The art-museum director chats about art in Vegas

John Katsilometes

This is an excerpt from the radio show Our Metropolis, a half-hour local issues and affairs program that airs Tuesdays at 6 p.m. on KUNV 91.5-FM and is hosted by Las Vegas Weekly writer-at-large John Katsilometes. Tune in next week to hear the rest of this interview with Las Vegas Art Museum Director Libby Lumpkin:

We should note from the top that you are married to renowned art critic and author Dave Hickey, who received the MacArthur Foundation “genius” grant in 2002. What’s it like being married to a genius?

Insufferable, as you might imagine [laughs].

Is it more challenging or difficult being director of an art museum in Las Vegas than it might be elsewhere?

Just being in the arts—I am an art historian by training, having taught at Harvard and Yale, big schools like that, and having been in the big arts centers—and trying to remain employed in this town is one of the main challenges. Sometimes you just have to create a museum so you have a place to work [laughs].

The Las Vegas Art Museum is about eight miles west of the Strip on Sahara Avenue, just on the cusp of Summerlin, and this year you announced that you are going to be moving to the south Strip, near the Town Square shopping mall. Why are you making that move?

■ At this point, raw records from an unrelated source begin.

Lemma std_mystic_diag_conj i j lam : i != j -> lam != 0 ->
  let E := diag_mx (\row_c if c == i then lam else 1) in
  std_mystic i j lam *m E = E *m std_mystic i j 1.
Proof.
move=> ij lam0 E; rewrite /E mul_mx_diag mul_diag_mx; apply/matrixP => a b; rewrite !mxE.
have [_ | ai] := eqVneq a i.
  have [-> | _] := eqVneq b j; last by rewrite !mulr0 mul0r.
  by rewrite eq_sym (negbTE ij) !mulr1.
rewrite mul1r; have [_ | aj] := eqVneq a j.
  have [_ | _] := eqVneq b i; last by rewrite mul0r.
  by rewrite invr1 mulNr mulVf.
by have [<- | _] := eqVneq a b; rewrite ?(negbTE ai) ?mulr1 ?mul0r.
Qed.

End SwapMatrix.

Section GradedAutomorphisms.
Variables (k : fieldType) (n : nat) (p : 'I_n -> 'I_n -> k).
Hypothesis hpd : forall i, p i i = 1.
Hypothesis hpinv : forall i j, p j i = (p i j)^-1.
Hypothesis hp0 : forall i j, p i j != 0.

(* The coefficient of x_a x_b (any a, b) in g(x_j) g(x_i) = p_ij g(x_i) g(x_j). *)
Lemma graded_aut_coef (M : 'M[k]_n) : graded_aut p M ->
  forall i j a b, M j a * M i b + p a b * M j b * M i a =
                  p i j * (M i a * M j b + p a b * M i b * M j a).
Proof.
case=> _ Hrel i j.
have lt_case (a b : 'I_n) : (a < b)%N ->
    M j a * M i b + p a b * M j b * M i a =
    p i j * (M i a * M j b + p a b * M i b * M j a).
  move=> hab; have := Hrel i j [tuple a; b].
  rewrite /pbw /= andbT /le_idx (ltnW hab) => /(_ isT).
  rewrite !prod_coef2_lt //= => e.
  transitivity (M j a * M i b + M j b * M i a * p a b); first ring.
  by rewrite e; ring.
move=> a b; case: (ltngtP a b) => [hab|hba|/val_inj <-]; first exact: lt_case.
  have := lt_case _ _ hba; rewrite (hpinv a b) => e.
  have pab := hp0 a b; apply: (mulfI (invr_neq0 pab)).
  transitivity (M j b * M i a + (p a b)^-1 * M j a * M i b); first by field.
  by rewrite e; field.
have := Hrel i j [tuple a; a]; rewrite /pbw /= andbT /le_idx leqnn => /(_ isT).
rewrite !prod_coef2_diag /= hpd => e.
transitivity (2 * (M j a * M i a)); first ring.
by rewrite e; ring.
Qed.

Lemma diag_graded_aut (e : 'I_n -> k) : (forall c, e c != 0) ->
  graded_aut p (diag_mx (\row_c e c)).
Proof.
move=> e0; split.
  by rewrite unitmxE det_diag unitfE; apply/prodf_neq0 => c _; rewrite mxE.
move=> i j s; rewrite (tuple2E s); move: (tnth s ord0) (tnth s ord_max) => a b.
rewrite /pbw /= andbT /le_idx leq_eqVlt => /orP[/eqP/val_inj eab | hab].
  subst b; rewrite !prod_coef2_diag /= !mxE.
  have [<- | ij] := eqVneq i j; first by rewrite hpd mul1r.
  have [<- | ia] := eqVneq i a; last by rewrite !mulr0n mul0r !mulr0.
  by rewrite (eq_sym j i) (negbTE ij) !mulr0n !mulr0 !mul0r.
have ab : a != b by apply: contraTneq hab => ->; rewrite ltnn.
rewrite !prod_coef2_lt //= !mxE.
have [<- | ij] := eqVneq i j; first by rewrite hpd mul1r.
have ji : (j == i) = false by rewrite eq_sym (negbTE ij).
have [ja|ja] := eqVneq j a; have [ib|ib] := eqVneq i b;
have [ia|ia] := eqVneq i a; have [jb|jb] := eqVneq j b; subst => //=;
  rewrite ?eqxx ?ji ?(negbTE ij) /= ?mulr0n ?mulr1n ?mulr0 ?mul0r ?addr0 ?add0r //=;
  try ring.
all: try by rewrite eqxx in ij.
by rewrite (hpinv a b); field; exact: hp0.
Qed.

Lemma diag_elementary (e : 'I_n -> k) : (forall c, e c != 0) ->
  elementary p (diag_mx (\row_c e c)).
Proof.
move=> e0; split; first exact: diag_graded_aut.
move=> i j; rewrite inE !mxE; have [<- | //] := eqVneq i j.
by move=> /forallP[].
Qed.

Section Automorphism.
Variable M : 'M[k]_n.
Hypothesis hM : graded_aut p M.
Let rel := graded_aut_coef hM.

Lemma graded_aut_pN1 a b : p a b != 1 -> M a b * M b a != 0 -> p a b = -1.
Proof.
move=> pab1 hab; have : (M a b * M b a) * (1 - p a b ^+ 2) = 0.
  transitivity (M b a * M a b + p a b * M b b * M a a
                - p a b * (M a a * M b b + p a b * M a b * M b a)); first ring.
  by rewrite rel subrr.
move/eqP; rewrite mulf_eq0 (negbTE hab) /= subr_eq0 eq_sym sqrf_eq1 (negbTE pab1).
by move/eqP.
Qed.

Hypothesis two_neq0 : (2 : k) != 0.

Lemma graded_aut_colN1 r s a : p r s = -1 -> M s a * M r a = 0.
Proof.
move=> prs; have := rel r s a a; rewrite hpd prs => e.
have : 4 * (M s a * M r a) = 0.
  transitivity ((M s a * M r a + 1 * M s a * M r a)
                - (-1 * (M r a * M s a + 1 * M r a * M s a))); first ring.
  by rewrite e subrr.
move/eqP; rewrite mulf_eq0 => /orP[|/eqP //].
by rewrite (_ : 4 = 2 * 2) ?mulf_eq0 ?orbb ?(negbTE two_neq0) //; ring.
Qed.

Lemma graded_aut_diag0 r s c : p r s = -1 -> M r r = 0 -> M s r != 0 ->
  M r c != 0 -> M c c = 0.
Proof.
move=> prs hrr hsr hrc; have := rel r s c r; rewrite hrr prs => e.
have pcr : p c r = -1.
  apply: (mulIf (mulf_neq0 hsr hrc)).
  transitivity (M s c * 0 + p c r * M s r * M r c); first ring.
  by rewrite e; ring.
have prc : p r c = -1 by rewrite hpinv pcr invrN1.
have /eqP := graded_aut_colN1 c prc.
by rewrite mulf_eq0 (negbTE hrc) orbF => /eqP.
Qed.

Lemma graded_aut_side0 r q s : p r q = -1 -> M r r = 0 -> M r q != 0 ->
  M q r != 0 -> M q s = 0 -> M s s = 1 -> M s r = 0.
Proof.
move=> prq hrr hrq hqr hqs hss; apply/eqP; apply: contraT => hsr.
have psq : p s q = 1.
  have := rel s q r r; rewrite hpd => e.
  apply: (mulIf (mulf_neq0 (mulf_neq0 two_neq0 hsr) hqr)).
  transitivity (p s q * (M s r * M q r + 1 * M s r * M q r)); first ring.
  by rewrite -e; ring.
have psr : p s r = 1.
  have := rel s q s r; rewrite hqs hss psq => e.
  apply: (mulIf hqr).
  transitivity (0 * M s r + p s r * M q r * 1); first ring.
  by rewrite e; ring.
have := rel s r r q; rewrite hrr psr prq => e.
have : 2 * (M s r * M r q) == 0.
  apply/eqP; transitivity (1 * (M s r * M r q + -1 * M s q * 0)
                           - (0 * M s q + -1 * M r q * M s r)); first ring.
  by rewrite -e subrr.
by rewrite !mulf_eq0 (negbTE two_neq0) (negbTE hsr) (negbTE hrq).
Qed.

End Automorphism.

What was behind the move was simple logistics. We cannot market to tourists for a couple of reasons. One is that cab fare from the airport or the Strip is $85 round-trip. So people were coming and sometimes—because we have a small exhibition space, a little bit more than 7,000 square feet and we have to shut down completely between exhibits. Because of this, we have had people coming out from the Strip or the airport and have been very, very unhappy to arrive during one of our dark periods, having paid the cab driver and knowing they are going to have to pay him again. So we can’t market to tourists, and that’s important because Las Vegas is made up of more than just the residents. We have nearly 40 million itinerant visitors to the city that we need to reach. The new space is close to the Strip on Sunset Road, great access to 215 and I-15, and we are blessed that it will have 30,000 square feet of exhibition space so we will never have to be closed for installation.